What the exercise asks: Among the lines below, keep only those from the one containing "fraction f r" through the one containing "Section AdditiveSubgroup.", and reproduce them exactly.

[Saved entries]
━━━━━━
Section Central.
Variable R : nzRingType.

Definition subring (P : R -> Prop) : Prop :=
  P 1 /\ (forall x y, P x -> P y -> P (x - y)) /\ (forall x y, P x -> P y -> P (x * y)).

Inductive sums_norms (bar : R -> R) (C' : R -> Prop) : R -> Prop :=
| SN0 : sums_norms bar C' 0
| SNadd c x : C' c -> sums_norms bar C' x -> sums_norms bar C' (c * bar c + x)
| SNsub c x : C' c -> sums_norms bar C' x -> sums_norms bar C' (x - c * bar c).

Definition C_submodule (C M : R -> Prop) : Prop :=
  add_subgroup M /\ (forall c x, C c -> M x -> M (c * x)).

Definition noetherian_module (C : R -> Prop) : Prop :=
  forall M, C_submodule C M ->
    exists gens : seq R, (forall x, x \in gens -> M x) /\
      forall x, M x -> exists cs : seq R, size cs = size gens /\
        (forall c, c \in cs -> C c) /\
        x = \sum_(i < size gens) cs`_i * gens`_i.

Definition ideal_of (C J : R -> Prop) : Prop :=
  (forall x, J x -> C x) /\ add_subgroup J /\
  (forall c x, C c -> J x -> J (c * x)).

Definition maximal_ideal_of (C m : R -> Prop) : Prop :=
  ideal_of C m /\ ~ m 1 /\
  forall J, ideal_of C J -> (forall x, m x -> J x) ->
    (forall x, J x <-> m x) \/ (forall x, C x -> J x).

Definition compl_in (C m : R -> Prop) : R -> Prop := fun s => C s /\ ~ m s.

(* f : R -> B is (the map to) the localization S^{-1} R of R at the central
   multiplicative set S: images of S are units, every element of B is a
   fraction f r / f s, and f r = 0 iff s r = 0 for some s in S. *)
Definition is_localization (B : nzRingType) (S : R -> Prop)
    (f : {rmorphism R -> B}) : Prop :=
  (forall s, S s -> exists t, f s * t = 1 /\ t * f s = 1) /\
  (forall b, exists r s, S s /\ b * f s = f r) /\
  (forall r, f r = 0 -> exists s, S s /\ s * r = 0).

Definition loc_set (B : nzRingType) (S : R -> Prop) (f : R -> B)
    (P : R -> Prop) : B -> Prop :=
  fun b => exists x s, P x /\ S s /\ b * f s = f x.

End Central.

(* If the class of s is noncentral, some t puts the commutator r = s^-1 t^-1 s t
   outside U((R,L),(I,G)): either an entry of r - 1 lies outside I, or a defect
   f(ru,ru) - f(u,u) lies outside G.  Call it a, and P the group (I or G) it
   avoids; P is a C-module.  The conductor {c in C | c a in P} is a proper ideal
   of C, so by Noetherianity it lies in a maximal ideal m, and then a/1 is not in
   P_m: the image of r in the localized group stays outside the relative
   subgroup, so t/1 still witnesses that s/1 is noncentral.  For c in I and C,
   c^2 a lies in P, so c^2 is in m and, m being prime, c is in m. *)

From mathcomp Require Import all_boot all_algebra.
From Stdlib Require Import Classical ClassicalEpsilon.
Import GRing.Theory.
Local Open Scope ring_scope.
Set Implicit Arguments. Unset Strict Implicit. Unset Printing Implicit Defensive.

Section AdditiveSubgroup.
Variables (A : nzRingType) (P : A -> Prop).
Hypothesis P_add : add_subgroup P.

Lemma add_subgroupN x : P x -> P (- x).
Proof. by case: P_add => P0 PB Px; rewrite -sub0r; apply: PB. Qed.

Lemma add_subgroupD x y : P x -> P y -> P (x + y).
Proof.
by case: P_add => _ PB Px Py; rewrite -[y]opprK; apply/PB/add_subgroupN.
Qed.

End AdditiveSubgroup.

Section Involution.
Variables (A : nzRingType) (bar : A -> A).
Hypothesis bar_inv : involution bar.

Lemma barD r s : bar (r + s) = bar r + bar s.
Proof. by case: bar_inv. Qed.

Lemma barM r s : bar (r * s) = bar s * bar r.
Proof. by case: bar_inv => _ []. Qed.

Lemma barK r : bar (bar r) = r.
Proof. by case: bar_inv => _ []. Qed.

Lemma bar0 : bar 0 = 0.
Proof. by apply: (@addIr _ (bar 0)); rewrite -barD !add0r. Qed.

Lemma barN r : bar (- r) = - bar r.
Proof. by apply: (@addIr _ (bar r)); rewrite -barD !addNr bar0. Qed.

Lemma barB r s : bar (r - s) = bar r - bar s.
Proof. by rewrite barD barN. Qed.

Lemma bar1 : bar 1 = 1.
Proof. by rewrite -[bar 1]mulr1 -{2}[1]barK -barM mulr1 barK. Qed.

Lemma central_bar c : central c -> central (bar c).
Proof. by move=> cc y; rewrite -{1}[y]barK -barM -cc barM barK. Qed.

End Involution.

Lemma centralM (A : nzRingType) (a b : A) : central a -> central b -> central (a * b).
Proof. by move=> ca cb y; rewrite -mulrA cb mulrA ca mulrA. Qed.

Lemma central_inv (A : nzRingType) (x t : A) :
  central x -> x * t = 1 -> t * x = 1 -> central t.
Proof.
by move=> cx xt tx y; rewrite -[t * y]mulr1 -xt mulrA -(mulrA t) -cx mulrA tx mul1r.
Qed.

Section SumsOfNorms.
Variables (R : nzRingType) (bar : R -> R) (C' : R -> Prop).
Hypotheses (bar_inv : involution bar) (C'_central : forall c, C' c -> central c).
Local Notation C := (sums_norms bar C').

Lemma sums_normsD x y : C x -> C y -> C (x + y).
Proof.
elim=> [|c z C'c _ IH|c z C'c _ IH] Cy; first by rewrite add0r.
- by rewrite -addrA; apply/SNadd/IH.
- by rewrite addrAC; apply/SNsub/IH.
Qed.

Lemma sums_normsN x : C x -> C (- x).
Proof.
elim=> [|c z C'c _ IH|c z C'c _ IH]; first by rewrite oppr0; constructor.
- by rewrite opprD addrC; apply: SNsub.
- by rewrite opprB; apply: SNadd.
Qed.

Lemma sums_normsB x y : C x -> C y -> C (x - y).
Proof. by move=> Cx Cy; apply/sums_normsD/sums_normsN. Qed.

Lemma sums_norms_add_subgroup : add_subgroup C.
Proof. by split; [constructor | exact: sums_normsB]. Qed.

Lemma central_norm c : C' c -> central (c * bar c).
Proof.
by move=> C'c; apply: centralM (C'_central C'c) (central_bar bar_inv (C'_central C'c)).
Qed.

Lemma sums_norms_central x : C x -> central x.
Proof.
elim=> [|c z C'c _ IH|c z C'c _ IH] y; first by rewrite mul0r mulr0.
- by rewrite mulrDl mulrDr central_norm // IH.
- by rewrite mulrBl mulrBr central_norm // IH.
Qed.

Lemma sums_norms_bar x : C x -> bar x = x.
Proof.
elim=> [|c z _ _ IH|c z _ _ IH]; first exact: bar0.
- by rewrite (barD bar_inv) IH (barM bar_inv) (barK bar_inv).
- by rewrite (barB bar_inv) IH (barM bar_inv) (barK bar_inv).
Qed.

Hypothesis C'_subring : subring C'.

Lemma sums_norms1 : C 1.
Proof.
case: C'_subring => C'1 _.
by rewrite -[1]addr0 -{1}[1]mulr1 -{2}(bar1 bar_inv); apply: SNadd => //; constructor.
Qed.

Lemma sums_norms_normM c y : C' c -> C y -> C (c * bar c * y).
Proof.
case: C'_subring => _ [_ C'M] C'c.
have normM d : c * bar c * (d * bar d) = c * d * bar (c * d).
  have cc := central_bar bar_inv (C'_central C'c).
  rewrite (barM bar_inv) -!mulrA; congr (c * _).
  by rewrite cc -mulrA.
elim=> [|d z C'd _ IH|d z C'd _ IH]; first by rewrite mulr0; constructor.
- by rewrite mulrDr normM; apply: SNadd (C'M _ _ C'c C'd) IH.
- by rewrite mulrBr normM; apply: SNsub (C'M _ _ C'c C'd) IH.
Qed.

Lemma sums_normsM x y : C x -> C y -> C (x * y).
Proof.
move=> + Cy; elim=> [|c z C'c _ IH|c z C'c _ IH]; first by rewrite mul0r; constructor.
- by rewrite mulrDl; apply/sums_normsD/IH/sums_norms_normM.
- by rewrite mulrBl; apply/sums_normsB/sums_norms_normM.
Qed.

End SumsOfNorms.

Lemma sums_norms_submodule (R : nzRingType) (bar : R -> R) (C' P : R -> Prop) :
  involution bar -> (forall c, C' c -> central c) ->
  add_subgroup P -> (forall r a, P a -> P (r * a * bar r)) ->
  C_submodule (sums_norms bar C') P.
Proof.
move=> bar_inv C'c P_add P_conj; split=> // c x; elim=> [|d z C'd _ IH|d z C'd _ IH] Px.
- by rewrite mul0r; case: P_add.
- rewrite mulrDl -mulrA (central_bar bar_inv (C'c _ C'd)) mulrA.
  by apply: add_subgroupD => //; [apply: P_conj | apply: IH].
- rewrite mulrBl -mulrA (central_bar bar_inv (C'c _ C'd)) mulrA.
  by case: P_add => _; apply; [apply: IH | apply: P_conj].
Qed.

Lemma dependent_choice (T : Type) (P : T -> Prop) (rel : T -> T -> Prop) (x0 : T) :
  P x0 -> (forall x, P x -> exists y, P y /\ rel x y) ->
  exists u : nat -> T, forall k, P (u k) /\ rel (u k) (u k.+1).
Proof.
move=> Px0 step; pose next x := epsilon (inhabits x0) (fun y => P y /\ rel x y).
have next_spec x : P x -> P (next x) /\ rel x (next x).
  by move=> Px; exact: (epsilon_spec _ (fun y => P y /\ rel x y) (step x Px)).
have Pu k : P (iter k next x0) by elim: k => //= k /next_spec [].
by exists (fun k => iter k next x0) => k; split=> //; case: (next_spec _ (Pu k)).
Qed.

Section NoetherianModule.
Variables (R : nzRingType) (C : R -> Prop).

Lemma C_submodule_sum (M : R -> Prop) (gens cs : seq R) :
  C_submodule C M -> size cs = size gens ->
  (forall c, c \in cs -> C c) -> (forall x, x \in gens -> M x) ->
  M (\sum_(i < size gens) cs`_i * gens`_i).
Proof.
move=> [M_add M_C] size_cs C_cs M_gens.
apply: (big_rec M); first by case: M_add.
move=> i y _ My; apply: add_subgroupD => //; apply: M_C.
  by apply/C_cs/mem_nth; rewrite size_cs.
exact/M_gens/mem_nth.
Qed.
━━━━━━
Response to the task:
   fraction f r / f s, and f r = 0 iff s r = 0 for some s in S. *)
Definition is_localization (B : nzRingType) (S : R -> Prop)
    (f : {rmorphism R -> B}) : Prop :=
  (forall s, S s -> exists t, f s * t = 1 /\ t * f s = 1) /\
  (forall b, exists r s, S s /\ b * f s = f r) /\
  (forall r, f r = 0 -> exists s, S s /\ s * r = 0).

Definition loc_set (B : nzRingType) (S : R -> Prop) (f : R -> B)
    (P : R -> Prop) : B -> Prop :=
  fun b => exists x s, P x /\ S s /\ b * f s = f x.

End Central.

(* If the class of s is noncentral, some t puts the commutator r = s^-1 t^-1 s t
   outside U((R,L),(I,G)): either an entry of r - 1 lies outside I, or a defect
   f(ru,ru) - f(u,u) lies outside G.  Call it a, and P the group (I or G) it
   avoids; P is a C-module.  The conductor {c in C | c a in P} is a proper ideal
   of C, so by Noetherianity it lies in a maximal ideal m, and then a/1 is not in
   P_m: the image of r in the localized group stays outside the relative
   subgroup, so t/1 still witnesses that s/1 is noncentral.  For c in I and C,
   c^2 a lies in P, so c^2 is in m and, m being prime, c is in m. *)

From mathcomp Require Import all_boot all_algebra.
From Stdlib Require Import Classical ClassicalEpsilon.
Import GRing.Theory.
Local Open Scope ring_scope.
Set Implicit Arguments. Unset Strict Implicit. Unset Printing Implicit Defensive.

Section AdditiveSubgroup.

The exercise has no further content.